« Saint Laurent », de Bertrand Bonello : Le parfum d’une époque
Dans Saint Laurent, Bertrand Bonello filme le génie créateur
du grand couturier et son inscription dans la décennie 1966-1976.
dans l’hebdo N° 1320 Acheter ce numéro
«J ’ai créé un monstre, et il faut que je vive avec », confie Saint Laurent, le fameux couturier héros du nouveau film, au titre éponyme, de Bertrand Bonello. Le « monstre » en question, c’est son génie créatif, qui oblige Yves Saint Laurent à ne cesser de produire, à trouver des idées. Et, comme il n’est pas homme à faire fructifier des recettes mais à chercher, il lui faut se renouveler. C’est-à-dire vivre, toujours, avec une ambition démesurée. Saint Laurent montre quel est le prix de cette exigence. D’autant que le couturier n’est pas un être d’une grande solidité et qu’il traverse une période de dérèglement de tous les sens. Cette période, c’est la décennie 1966-1976, que le cinéaste a choisie autant pour l’excellence des collections que propose Saint Laurent alors, que pour l’époque, excessive et sulfureuse, dont Jean-Jacques Schuhl, dans Ingrid Caven, avait déjà ressuscité le parfum. Chez Bonello, Saint Laurent est donc un camé grandiose, dont le caractère introspectif est toujours préservé par un Gaspard Ulliel tout en retenue, tentant de dissoudre dans la drogue et l’alcool son angoisse, entre deux collections audacieuses.
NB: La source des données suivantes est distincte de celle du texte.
Section FractionsInProduct.
Variables (Q : pzRingType) (n : nat) (Qi : 'I_n -> pzRingType).
Variables (phi : Q -> forall i, Qi i) (Hphi : ring_iso_prod phi).
Hypothesis Qi_simple_Artinian : forall i, simple_Artinian (Qi i).
Variables (A : pzRingType) (s : {rmorphism A -> Q}) (D : A -> Prop).
Hypothesis D1 : D 1.
Hypothesis DM : forall a b, D a -> D b -> D (a * b).
Hypothesis D_unit : forall c, D c -> is_unit (s c).
Hypothesis s_frac : forall q, exists c a, D c /\ s c * q = s a.
Hypothesis s_inj : forall a, s a = 0 -> a = 0.

Definition comp_at i : {rmorphism A -> Qi i} := proj_at Hphi i \o s.

Definition unit_at i (a : A) : Prop := is_unit (comp_at i a).

Lemma comp_atE i a : comp_at i a = phi (s a) i.
Proof. by []. Qed.

Lemma comp_at_D i c : D c -> is_unit (comp_at i c).
Proof. by move/D_unit/(phi_unit Hphi). Qed.

Lemma comp_at_frac i (x : Qi i) : exists c a, D c /\ comp_at i c * x = comp_at i a.
Proof.
have [q [qx _]] := phi_surj_at Hphi x.
have [c [a [Dc e]]] := s_frac q.
by exists c, a; split=> //; rewrite !comp_atE -e (phiM Hphi) qx.
Qed.

Lemma comp_at_eq0 a : (forall i, comp_at i a = 0) -> a = 0.
Proof. by move=> a0; apply: s_inj; apply: (phi_eq0 Hphi). Qed.

Lemma unit_at_support i : exists b, unit_at i b /\ forall j, j != i -> comp_at j b = 0.
Proof.
have [e [e1 e0]] := phi_surj_at Hphi (1 : Qi i).
have [c [b [Dc cb]]] := s_frac e.
exists b; split=> [|j ji]; rewrite ?/unit_at comp_atE -cb (phiM Hphi).
  by rewrite e1 mulr1; apply: (comp_at_D i Dc).
by rewrite e0 // mulr0.
Qed.

Lemma comp_at_ker i r : comp_at i r = 0 -> exists b, unit_at i b /\ b * r = 0.
Proof.
move=> r0; have [b [ub b0]] := unit_at_support i.
exists b; split=> //; apply: comp_at_eq0 => j; rewrite rmorphM.
by case: (eqVneq j i) => [->|/b0->]; rewrite ?r0 ?mulr0 ?mul0r.
Qed.

Lemma unit_at_den i : left_den (unit_at i).
Proof.
have Qi_nz : (1 : Qi i) <> 0 by case: (Qi_simple_Artinian i) => [[]].
split; first split; first split.
- by rewrite /unit_at rmorph1; apply: is_unit1.
- split; first by rewrite /unit_at rmorph0; exact: not_is_unit0 Qi_nz.
  by move=> a b ua ub; rewrite /unit_at rmorphM; apply: is_unitM.
- move=> r t [v [tv vt]].
  have [c [a [Dc e]]] := comp_at_frac (comp_at i r * v).
  have /comp_at_ker [b [ub bk]] : comp_at i (c * r - a * t) = 0.
    by rewrite rmorphB !rmorphM -e -!mulrA vt mulr1 subrr.
  exists (b * c), (b * a); split.
    by rewrite /unit_at rmorphM; apply: is_unitM ub (comp_at_D i Dc).
  by apply/eqP; rewrite -subr_eq0 -!mulrA -mulrBr bk.
- move=> r t ut rt0; apply: comp_at_ker; apply: (is_unit_rreg ut).
  by rewrite -rmorphM rt0 rmorph0.
Qed.

Lemma unit_at_inj i j : (forall a, unit_at i a -> unit_at j a) -> i = j.
Proof.
move=> sub; case: (eqVneq i j) => // ij.
have [b [ub b0]] := unit_at_support i.
have := sub b ub; rewrite /unit_at b0 1?eq_sym //.
by case: (Qi_simple_Artinian j) => [[nz _] _] /(not_is_unit0 nz).
Qed.

Lemma unit_at_localization i : is_left_localization (unit_at i) (comp_at i).
Proof.
split=> [//|]; split=> [x|r].
  by have [c [a [Dc e]]] := comp_at_frac x; exists c, a; split=> //; apply: comp_at_D.
split; first exact: comp_at_ker.
by move=> [t [ut tr0]]; apply: (is_unit_lreg ut); rewrite -rmorphM tr0 rmorph0.
Qed.

Section DenominatorSet.
Variables (T : A -> Prop) (i : 'I_n).
Hypothesis T_den : left_den T.
Hypothesis T_nz : forall t, T t -> comp_at i t <> 0.

Let T1 : T 1. Proof. by case: T_den => [[[]]]. Qed.

Let TM a b : T a -> T b -> T (a * b).
Proof. by case: T_den => [[[_ [_ TM]] _] _]; apply: TM. Qed.

Let T_Ore r t : T t -> exists t' r', T t' /\ t' * r = r' * t.
Proof. by case: T_den => [[_ TO] _]; apply: TO. Qed.

Let T_cancel r t : T t -> r * t = 0 -> exists t', T t' /\ t' * r = 0.
Proof. by case: T_den => _ TD; apply: TD. Qed.

Definition killed (y : Qi i) : Prop := exists2 t, T t & comp_at i t * y = 0.

Lemma killedB y z : killed y -> killed z -> killed (y - z).
Proof.
move=> [t1 Tt1 ty] [t2 Tt2 tz]; have [t' [r' [Tt' e]]] := T_Ore t2 Tt1.
exists (t' * t2); first exact: TM.
by rewrite mulrBr {1}e !rmorphM -!mulrA ty tz !mulr0 subrr.
Qed.

Lemma killed_mull a y : killed y -> killed (comp_at i a * y).
Proof.
move=> [t Tt ty]; have [t' [a' [Tt' e]]] := T_Ore a Tt.
by exists t' => //; rewrite mulrA -rmorphM e rmorphM -mulrA ty mulr0.
Qed.

Definition cleared (z : Qi i) : Prop := exists2 c, D c & killed (comp_at i c * z).

Lemma cleared0 : cleared 0.
Proof. by exists 1 => //; exists 1; rewrite // !mulr0. Qed.

Lemma clearedB y z : cleared y -> cleared z -> cleared (y - z).
Proof.
move=> [c1 Dc1 ky] [c2 Dc2 kz]; have [v [c1v vc1]] := comp_at_D i Dc1.
have [d [b [Dd e]]] := comp_at_frac (comp_at i c2 * v).
have dc2 : comp_at i (d * c2) = comp_at i b * comp_at i c1.
  by rewrite rmorphM -e -!mulrA vc1 mulr1.
exists (d * c2); first exact: DM.
rewrite mulrBr {1}dc2 rmorphM -!mulrA.
by apply: killedB; apply: killed_mull.
Qed.

Lemma cleared_mull x z : cleared z -> cleared (x * z).
Proof.
move=> [c Dc kz]; have [v [cv vc]] := comp_at_D i Dc.
have [c' [a [Dc' e]]] := comp_at_frac (x * v).
exists c' => //; rewrite mulrA; suff -> : comp_at i c' * x = comp_at i a * comp_at i c.
  by rewrite -mulrA; apply: killed_mull.
by rewrite -e -!mulrA vc mulr1.
Qed.

Lemma cleared_mulr x z : cleared z -> cleared (z * x).
Proof.
move=> [c Dc [t Tt tz]]; exists c => //; exists t => //.
by move: tz; rewrite !mulrA => ->; rewrite mul0r.
Qed.

Lemma cleared_ideal : ideal cleared.
Proof.
split; last exact: cleared_mulr.
by split; [exact: cleared0 | split; [exact: clearedB | exact: cleared_mull]].
Qed.

Lemma den_comp_lreg t y : T t -> comp_at i t * y = 0 -> y = 0.
Proof.
move=> Tt ty0; have [[_ Qi_simple] _] := Qi_simple_Artinian i.
have [cleared_0|cleared_all] := Qi_simple _ cleared_ideal.
  by apply: cleared_0; exists 1 => //; exists t; rewrite // rmorph1 mul1r.
have [c Dc [t' Tt' e]] := cleared_all 1.
case: (T_nz Tt'); apply: (is_unit_rreg (comp_at_D i Dc)).
by rewrite -e mulr1.
Qed.

Lemma den_comp_unit t : T t -> unit_at i t.
Proof.
move=> Tt; apply: left_Artinian_rreg_unit; first by case: (Qi_simple_Artinian i).
move=> z zt0; have [c [a [Dc e]]] := comp_at_frac z.
have /comp_at_ker [b [ub bat0]] : comp_at i (a * t) = 0.
  by rewrite rmorphM -e -mulrA zt0 mulr0.
have [t' [Tt' t'ba]] : exists t', T t' /\ t' * (b * a) = 0.
  by apply: (@T_cancel (b * a) t Tt); rewrite -mulrA.
have ba0 : comp_at i (b * a) = 0.
  by apply: (den_comp_lreg Tt'); rewrite -rmorphM t'ba rmorph0.
apply: (is_unit_lreg (comp_at_D i Dc)); rewrite e.
by apply: (is_unit_lreg ub); rewrite -rmorphM.
Qed.

End DenominatorSet.

Lemma mul_closed_comp_eq0 (T : A -> Prop) :
  T 1 -> (forall a b, T a -> T b -> T (a * b)) ->
  (forall i, exists2 t, T t & comp_at i t = 0) -> T 0.
Proof.
move=> T1 TM zero_at.
have upto k : exists2 t, T t & forall j : 'I_n, (j < k)%N -> comp_at j t = 0.
  elim: k => [|k [t Tt tk]]; first by exists 1.
  have [kn|nk] := ltnP k n; last first.
    by exists t => // j jk; apply: tk; apply: leq_trans (ltn_ord j) nk.
  have [t' Tt' t'0] := zero_at (Ordinal kn).
  exists (t' * t); first exact: TM.
  move=> j; rewrite ltnS leq_eqVlt rmorphM => /predU1P [jk|/tk ->]; last first.
    by rewrite mulr0.
  have -> : j = Ordinal kn by apply: val_inj.
  by rewrite t'0 mul0r.
have [t Tt t0] := upto n.
by rewrite -(comp_at_eq0 (a := t)) // => j; apply: t0.
Qed.

Lemma left_den_sub_unit_at (T : A -> Prop) :
  left_den T -> exists i, forall a, T a -> unit_at i a.
Proof.
move=> T_den.
have [[i T_nz]|] := classic (exists i, forall t, T t -> comp_at i t <> 0).
  by exists i => a; apply: den_comp_unit T_den T_nz a.
move=> none; case: T_den => [[[T1 [T0 TM]] _] _]; case: T0.
apply: mul_closed_comp_eq0 T1 TM _ => i.
by apply: NNPP => no_t; apply: none; exists i => t Tt t0; apply: no_t; exists t.
Qed.

Lemma maxDen_unit_at (T : A -> Prop) :
  maxDen_l T <-> exists i, same_subset T (unit_at i).
Proof.
split=> [[T_den T_max]|[i Ti]].
  have [i Ti] := left_den_sub_unit_at T_den.
  by exists i => a; split=> [/Ti|]; [|apply: T_max (unit_at_den i) Ti a].
split; first by apply: left_den_same (unit_at_den i) => a; split=> /Ti.
move=> U U_den TU; have [j Uj] := left_den_sub_unit_at U_den.
have ij : i = j by apply: unit_at_inj => a /Ti /TU /Uj.
by move=> a /Uj; rewrite -ij => /Ti.
Qed.

End FractionsInProduct.

Lemma maxDen_prod (Q : pzRingType) (n : nat) (Qi : 'I_n -> pzRingType)
    (phi : Q -> forall i, Qi i) (T : Q -> Prop) :
  ring_iso_prod phi -> (forall i, simple_Artinian (Qi i)) ->
  maxDen_l T <-> exists i, same_subset T (fun q => is_unit (phi q i)).
Proof.
move=> Hphi HQi.
apply: (maxDen_unit_at Hphi HQi (s := idfun) (D := fun q => q = 1)) => //.
- by move=> a b -> ->; rewrite mulr1.
- by move=> c ->; apply: is_unit1.
- by move=> q; exists 1, q; rewrite mul1r.
Qed.

Lemma tilde_preimage (R Q : pzRingType) (sigma : {rmorphism R -> Q})
    (U : R -> Prop) (V : Q -> Prop) :
  is_classical_left_quotient sigma ->
  V 1 -> (forall a b, V a -> V b -> V (a * b)) -> (forall q, is_unit q -> V q) ->
  same_subset U (preimage_of sigma V) -> same_subset (tilde sigma U) V.
Proof.
move=> [s_unit [s_frac _]] V1 VM V_unit UV q; split.
  elim=> [|x y x_gen _ Vy]; first exact: V1.
  apply: VM Vy; case: x_gen => [[u [Uu ->]]|[c [_ [xc cx]]]]; first exact/UV.
  by apply: V_unit; exists (sigma c).
move=> Vq; have [c [a [rc e]]] := s_frac q; have [v [cv vc]] := s_unit c rc.
have -> : q = v * (sigma a * 1) by rewrite mulr1 -e mulrA vc mul1r.
apply: gm_mul; first by right; exists c.
apply: gm_mul; last exact: gm_one.
left; exists a; split=> //; apply/UV.
by rewrite /preimage_of -e; apply: VM (V_unit _ (s_unit c rc)) Vq.
Qed.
Bertrand Bonello n’a pratiquement filmé qu’en intérieur, de l’atelier au studio de création, des boîtes de nuit aux chambres d’appartement. Il rend ainsi le sentiment d’enfermement d’un petit monde épris de beauté absolue, sans oublier les échappées régulières de Saint Laurent au Maroc, qui n’ont pas été sans influence. Il a été ainsi l’un des premiers créateurs de mode à présenter des modèles inspirés par les cultures d’autres continents. Saint Laurent, film vibrant, loin du biopic illustratif, immerge son spectateur dans ces années grâce aux musiques (très riche bande sonore, comme toujours chez Bonello), aux couleurs, aux costumes aussi bien sûr. Et montre un Saint Laurent dont la création est en phase avec son temps : le pop art, le psychédélisme, la libération des femmes… Dans une séquence frontale à sa manière, l’écran est divisé en deux, avec d’un côté des images d’archives des grands événements historiques (Mai 68, les Black Panthers, le printemps de Prague…) et de l’autre un défilé de modèles de cette période. Une manière de suggérer que, si Yves Saint Laurent vivait dans un monde parallèle à l’histoire en train de se faire, il n’y était pas imperméable. Saint Laurent raconte aussi deux histoires d’amour extraordinaires. La plus passionnelle : celle qu’a connue Yves Saint Laurent avec un dandy, Jacques de Bascher (Louis Garrel, qui s’est fait un look à la Freddy Mercury), charnelle et dangereuse, qui a bouleversé pendant des années le couturier, même après leur rupture et la disparition de Bascher, mort du sida. La plus durable : celle, bien sûr, entre Saint Laurent et Pierre Bergé (Jérémie Renier). Comme on le sait, Pierre Bergé a facilité et même contrôlé le biopic de Jalil Lespert, Yves Saint Laurent, sorti au début de l’année, et s’est opposé à la production du film de Bertrand Bonello. Le rôle que lui fait tenir ce dernier ne se révèle pourtant pas négatif. Non seulement il a été un grand chef d’entreprise de la marque « YSL » – cf. la formidable scène de négociation avec un homme d’affaires américain. Mais il a été un authentique amoureux, protégeant Saint Laurent non seulement pour le garder à lui mais aussi parce que celui-ci en avait besoin.
Plus le film avance, plus l’émotion prend de l’ampleur, la création devenant pour Saint Laurent toujours plus exigeante. Bertrand Bonello a eu aussi cette idée splendide, dans la dernière demi-heure de son film, d’introduire des séquences montrant YSL à la fin de sa vie. La profonde mélancolie de Saint-Laurent y est palpable dans tous les plans. D’autant que le cinéaste a demandé à Helmut Berger d’interpréter ce rôle. Helmut Berger, comédien viscontien, témoin d’une époque décidément révolue.